The recent circular by SEBI mandates the disclosure of granular details of all the investors that are holding any ownership, economic interest, or exercising control in the FPIs that are holding either more than 50% of their Indian equity Assets Under Management (AUM) in a single Indian corporate group or more than INR 25,000 crores of equity AUM under Indian markets. On a thorough “look through” basis, the high-risk FPIs and all their affiliated companies will be required to disclose minute details up to the level of all natural people and/or public retail funds or significant publicly traded businesses. This promises greater transparency on “high-risk” FPIs as compared to the existing framework. The comprehensive information sought by the regulator could solve the issue faced with respect to tracking the last identified natural person of the FPIs and curing the prevalent misuse of such structures, as witnessed in the Adani case. Non-compliance with the disclosure criteria could result in FPI registration becoming invalid, a deterrent consequence of which would be the winding down of their investments within 6 months.


These new rules may pose certain implications for institutional or major financial investors, necessitating a re-evaluation of their investment strategies to avoid falling under the obligated criteria. This could severely impact the market structure due to significant sell-offs in the shares of the entities in the process of complying with the rules, resulting in lower stock prices. Additionally, the heightened scrutiny and stricter regulations may deter certain investment activities and increase compliance costs, particularly in cases involving complex arrangements and structures.


It is worth noting that the circular exempts government and government-related FPIs under Regulation 5(a)(i) of the FPI Regulations. It also excludes public retail funds as defined under Regulation 22(4) of the FPI Regulations.

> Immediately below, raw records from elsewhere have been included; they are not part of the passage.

Definition next_hop (u : T) : option T := [pick w | e u w && (d w == (d u).-1)].

Lemma next_hopP u w : next_hop u = Some w -> e u w /\ d w = (d u).-1.
Proof. by rewrite /next_hop; case: pickP => // w' /andP[euw /eqP dw] [<-]. Qed.

Lemma next_hop_neq_vg u : u != vg -> exists w, next_hop u = Some w.
Proof.
move=> uvg; rewrite /next_hop; case: pickP => [w _|none]; first by exists w.
have [w euw dw] := dist_descent (Hreach u) uvg.
by move: (none w); rewrite euw dw eqxx.
Qed.

Definition shortest_policy (y x : option T) : R :=
  match x, y with
  | None, Some v => Rw v / Z
  | Some u, Some w => ((u != vg) && (next_hop u == Some w))%:R
  | _, _ => 0
  end.

Lemma shortest_policy_backward : backward_policy E (Some vg) shortest_policy.
Proof.
split.
- case=> [w|] [u|] //=; rewrite divr_ge0 ?ltW ?Rw_gt0 ?reward_total_gt0 //.
- move=> [w|] [u|] //=; apply: contraNeq; rewrite pnatr_eq0 eqb0 negbK.
  by case/andP=> uvg /eqP/next_hopP[-> _].
- move=> [u|] uvg; rewrite big_option /= add0r; last exact: sum_reward_share.
  have {}uvg : u != vg by apply: contraNneq uvg => ->.
  have [w hop] := next_hop_neq_vg uvg; rewrite (bigD1 w) //= uvg hop eqxx big1 ?addr0 //.
  by move=> w' w'w; rewrite (inj_eq Some_inj) eq_sym (negbTE w'w).
Qed.

Lemma first_hit_shortest t v :
  first_hit shortest_policy (Some vg) t (Some v) = (t == d v)%:R.
Proof.
elim: t v => [|t IH] v /=; rewrite (inj_eq Some_inj).
  by rewrite -(dist_eq0 (Hreach v)) eq_sym.
have [->|vvg] := eqVneq v vg; first by rewrite distxx.
have [w hop] := next_hop_neq_vg vvg; have [_ dw] := next_hopP hop.
have dv_gt0 : (0 < d v)%N by rewrite lt0n (dist_eq0 (Hreach v)).
rewrite big_option /= mul0r add0r (bigD1 w) //= hop eqxx mul1r IH big1 ?addr0.
  by rewrite dw; case: (d v) dv_gt0.
by move=> w' w'w; rewrite /= (inj_eq Some_inj) eq_sym (negbTE w'w) mul0r.
Qed.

Considerable exemptions are also granted to exchange-traded funds, newly registered FPIs within the first 90 days following the settlement of their first trade, FPIs unable to liquidate excess assets due to statutory constraints, and FPIs in the process of winding down investments after intimation to their Designated Depository Participants.

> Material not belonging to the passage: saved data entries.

Lemma fully_labelled_fixed_door s (j : 'I_N.+1) : fully_labelled lab s ->
  lab (vertex s j) = N -> door (s, j) /\ swap (s, j) = (s, j).
Proof.
move=> fs lj; split.
  apply/forallP => i; have /existsP [t /eqP lt] := (forallP fs) (widen_ord (leqnSn _) i).
  apply/existsP; exists t; rewrite lt eqxx andbT.
  apply/negP => /eqP tj; move: lt; rewrite tj lj /= => e.
  by move: (ltn_ord i); rewrite -e ltnn.
have [[t [tj lt _]] | [_ ->]] := swapP s j => //.
by move: tj; rewrite (fully_labelled_inj fs lt) eqxx.
Qed.

Lemma swap_fixed_doors :
  [set s | fully_labelled lab s] = fst @: [set sj in doors | swap sj == sj].
Proof.
apply/setP => s; rewrite inE; apply/idP/imsetP.
  move=> fs; have /existsP [j /eqP lj] := (forallP fs) ord_max.
  have [dj sj] := fully_labelled_fixed_door fs lj.
  by exists (s, j); rewrite // !inE dj sj eqxx.
case=> [[s' j]]; rewrite !inE /= => /andP [dj /eqP sj] ->.
apply/forallP => i; apply/existsP.
have [iN|iN] := eqVneq (i : nat) N.
  by exists j; rewrite (swap_fixed_label dj sj) iN.
have il : i < N by rewrite ltn_neqAle iN -ltnS ltn_ord.
by move/forallP: dj => /(_ (Ordinal il)) /existsP [t /andP [_ lt]]; exists t.
Qed.

Lemma card_swap_fixed :
  #|[set sj in doors | swap sj == sj]| = #|[set s | fully_labelled lab s]|.
Proof.
rewrite swap_fixed_doors card_in_imset //.
move=> [s j] [s' j']; rewrite !inE /= => /andP [dj /eqP sj] /andP [dj' /eqP sj'] e.
subst s'; congr pair; apply/eqP/negP => /negP jj.
have [[t [tj lt e]] | [hn _]] := swapP s j.
  by move: (etrans (esym e) sj) => [] /eqP; rewrite (negbTE tj).
by apply: (hn j'); rewrite 1?eq_sym // (swap_fixed_label dj sj) (swap_fixed_label dj' sj').
Qed.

Though the prescribed exemptions are incorporated to facilitate the interests of presumed low-risk entities, the threat still persists. Even if such entities are excluded for being perceived to be innocuous, they can still be misused to circumvent regulations. To avoid compliance with the new disclosure rules, an FPI can, for example, structure its investments to fall under one of the exemptions, even if it does not qualify to be one. Exempting such entities from disclosure norms may potentially lead to BOs concealing crucial information, perpetuating ambiguity and facilitating exploitation for illicit purposes. Further, the exemptions, if not supported with additional dedicated guidelines, can promote the low-risk entities to bypass regulations, posing a potential threat of regulatory arbitrage.


Conclusion


The Adani case has emerged as a pivotal precedent, illuminating the compelling necessity for augmented disclosure requisites and the imperative to rectify the ramifications of inadequate regulatory measures. The deficiencies that hindered the regulator's investigation in this case underscore the exigency for a relook towards both the regulatory framework and the investigation protocols. These reforms are indispensable not only for upholding regulatory compliance but also for serving as a potent deterrent against non-compliance.


The recent disclosure mandates offer a more robust and resilient framework, poised to mitigate the risks associated with severe market fluctuations. To effectively execute these stipulated standards, SEBI must contemplate the adoption of a risk-based approach. This approach would entail subjecting entities, including those that enjoy exemptions, to varying levels of due diligence contingent upon their risk profiles. Such a stratagem ensures that high-risk entities face rigorous controls, whereas low-risk entities are not inundated by onerous procedures. While the circular represents a positive stride toward fortifying FPI disclosure regulations, it is apparent that the aforementioned issues warrant a comprehensive overhaul of its implementation, necessitating appropriate modifications in the foreseeable future.